It was an honor to be invited to share about my journey of faith during Maranatha’s chapel last week. I was molded by, and continue to grow through, women of the faith who surround me. Janitors, seamstresses, housekeepers, and homemakers were the practical theologians that shaped me. My journey of faith uniquely allows me to navigate the theology of White evangelicalism along with what Cuban American theologian, Kat Armas, calls an abuelita faith. I have learned from women on the margins about wisdom, persistence, and strength. The way I view Scripture, what it means to know God, and the entirety of my identity is influenced by many factors which reveal new aspects of the Image of God. I do not possess a lofty philosophy on Christian identity formation, but rather an abuelita faith that continuously shapes my relationship with Christ and ultimately impacts my journey of discovering the fullness of the Kingdom of God.
As a young child, my grandmother (or “mami”) played a pivotal role in raising my brother and I. She shaped my spirituality. During hard seasons in my family, my Mami would have us march around the house singing praises because her faith assured her that our hardships would crumble like the walls of Jericho. So my brother and I took up tambourines and sang “Alabaré, Alabaré, Alabaré a mi Señor,” and processed around the perimeter of the house. My theology was not born out of paper commentaries, but of abuelita faith. After attending private Christian school for the majority of my education, I am no longer the same Latina girl from the inner city, but will also never fully be a part of the dominant culture. I became what theologian and artist Makoto Fujimura describes as a mearcstapa, a “border-walker” or “border-stalker”. Fujimura describes border-stalkers in his book, Culture Care, as "individuals who lived on the edges of their groups, going in and out of them, sometimes bringing back news to the tribe.”

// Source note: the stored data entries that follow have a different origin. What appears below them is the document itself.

Lemma enorm_pi_Fvf_near_le (R : realType) d p (f : 'rV[R]_d -> R) v x (t tc a b : R) :
  (1 < p)%N -> 1 <= tc -> `|t - tc| <= 1 / 5 ->
  enorm v <= a / tc -> enorm (grad f x) <= b / tc ^+ p.-1 ->
  enorm (pi_vx (Fvf p f (v, x, t)))
    <= ((8 * p%:R + 5) * a + 2 * p%:R ^+ 2 * 2 ^+ (p - 2) * b) / tc.
Proof.
move=> p1 tc1; rewrite ler_norml => /andP[tb1 tb2] v_le g_le.
have pm : p.-1 = (p - 2).+1 by lia.
have tc0 : 0 < tc by lra.
have t0 : 0 < t by lra.
have P0 : 0 <= p%:R :> R by rewrite ler0n.
apply: le_trans (enorm_pi_Fvf_le p f v x t0) _.
have v_term : (2 * p + 1)%:R / t * enorm v <= 2 * (2 * p%:R + 1) * (a / tc).
  rewrite natrD natrM; apply: ler_pM => //.
  - by rewrite divr_ge0 ?(ltW t0) //; lra.
  - exact: enorm_ge0.
  - by rewrite ler_pdivrMr //; nra.
have g_term : (p ^ 2)%:R * t ^+ (p - 2) * enorm (grad f x)
              <= p%:R ^+ 2 * 2 ^+ (p - 2) * b / tc.
  have t_pow : t ^+ (p - 2) <= 2 ^+ (p - 2) * tc ^+ (p - 2).
    by rewrite -exprMn; apply: lerXn2r; rewrite ?nnegrE; lra.
  have tc_pow : tc ^+ (p - 2) / tc ^+ p.-1 = tc^-1.
    by rewrite pm exprS invfM mulrCA mulfV ?mulr1 // expf_neq0 // gt_eqF.
  have -> : p%:R ^+ 2 * 2 ^+ (p - 2) * b / tc
            = p%:R ^+ 2 * (2 ^+ (p - 2) * tc ^+ (p - 2)) * (b / tc ^+ p.-1).
    by rewrite -tc_pow; ring.
  rewrite natrX; apply: ler_pM.
  - by rewrite mulr_ge0 ?exprn_ge0 ?(ltW t0).
  - exact: enorm_ge0.
  - by apply: ler_wpM2l; rewrite ?exprn_ge0.
  - exact: g_le.
lra.
Qed.

Lemma gradient_coef_le (R : realType) (n : nat) (L M E : R) :
  (0 < n)%N -> 0 <= L -> 0 <= M -> 0 <= E ->
  n.-1%:R * (1 + L * E) + M <= n%:R * ((E + 1) * (L + M + 1)).
Proof.
move=> n0 L0 M0 E0; rewrite -[in n%:R](prednK n0) -natr1.
have : 0 <= n.-1%:R :> R by rewrite ler0n.
set W := (E + 1) * (L + M + 1).
have : 1 + L * E <= W by rewrite /W; nra.
have : M <= W by rewrite /W; nra.
nra.
Qed.

Unset Implicit Arguments. Set Strict Implicit.

Theorem mainTheorem2 (R : realType) (p : nat) (hp : (2 <= p)%N) :
  exists C : R, 0 < C /\
  forall (d s : nat) (L M : R) (f : 'rV[R]_d -> R) (xs : 'rV[R]_d)
         (vc xc : 'rV[R]_d) (tc : R),
    (1 <= d)%N -> (p <= s)%N -> 0 < L -> 0 < M ->
    convex_fun f -> is_minimizer f xs ->
    1 <= tc ->
    Ck_on_closed s.+1 f (cball xc (1 / tc)) ->
    (forall x, cball xc (1 / tc) x -> forall i : nat, (1 <= i <= p.-1)%N ->
       opnorm_le f i x ((L * (f x - f xs)) `^ ((p - i)%:R / p%:R))) ->
    (forall x, cball xc (1 / tc) x -> forall i : nat, (p <= i <= s.+1)%N ->
       opnorm_le f i x M) ->
    forall y : pt R d, Unbhd (1 / tc) (vc, xc, tc) y ->
      enorm (pi_vx (Fvf p f y))
        <= C * (Energy p f xs (vc, xc, tc) + 1) * (L + M + 1) / tc.
Proof.
have p0 : (0 < p)%N by lia.
set P : R := p%:R; set Q : R := 2 ^+ (p - 2).
have P2 : 2 <= P by rewrite ler_nat.
exists ((8 * P + 5) * (4 * P + 2) + 2 * P ^+ 2 * Q * P); split.
  have : 0 <= P ^+ 2 * Q by rewrite mulr_ge0 ?exprn_ge0 //; lra.
  nra.
move=> d s L M f xs vc xc tc _ ps L0 M0 _ xs_min tc1 f_smooth low high.
move=> [[v x] t] [vb [xb tb]]; rewrite /= in vb xb tb.
set E := Energy p f xs (vc, xc, tc); set W := (E + 1) * (L + M + 1).
have tc0 : 0 < tc by lra.
have E0 : 0 <= E := Energy_ge0 p xs_min vc xc (ltW tc0).
have v_le : enorm v <= (4 * P + 2) * W / tc.
  apply: le_trans (enorm_velocity_near_le xs_min xc p0 tc0 vb) _.
  by rewrite -/P -/E ler_pM2r ?invr_gt0 // ler_pM2l /W; nra.
have g_le : enorm (grad f x) <= P * W / tc ^+ p.-1.
  have gap : f xc - f xs <= E * (1 / tc) ^+ p.
    by rewrite expr_div_n expr1n mul1r; exact: gap_le_Energy.
  apply: le_trans (enorm_grad_cball_le p0 ps (ltW L0) (divr_gt0 ltr01 tc0) xs_min
                     f_smooth low high E0 gap xb) _.
  rewrite expr_div_n expr1n mul1r ler_pM2r ?invr_gt0 ?exprn_gt0 //.
  exact: gradient_coef_le p0 (ltW L0) (ltW M0) E0.
apply: le_trans (enorm_pi_Fvf_near_le hp tc1 tb v_le g_le) _.
by rewrite -/P -/Q /W le_eqVlt; apply/orP; left; apply/eqP; ring.
Qed.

Today, I share the message to young people in my care that I wish I heard during one of my twelve years of forced chapels. I tell them that their ethnic background is part of the Image of God. That their abuelitas, grandmas, tias, and aunties are beautiful reflections of the Imago Dei. I remind them that their journey in navigating the difficulties as a minority and a truth-teller within a dominant culture is a righteous act of resistance. All these border-stalkers usher a more authentic version of the Kingdom of Heaven. Their cultural and ethnic identity, as well as their experiences, are inseparable from the grandeur of the Creator. Adding onto Dr. Layton’s classroom liturgy, they are beloved children of the King on High in all their Latinoness, Blackness, Asianness, Middle Easterners, and biracialism. They are of infinite value and worth and they are called to be a part of God's story of belonging.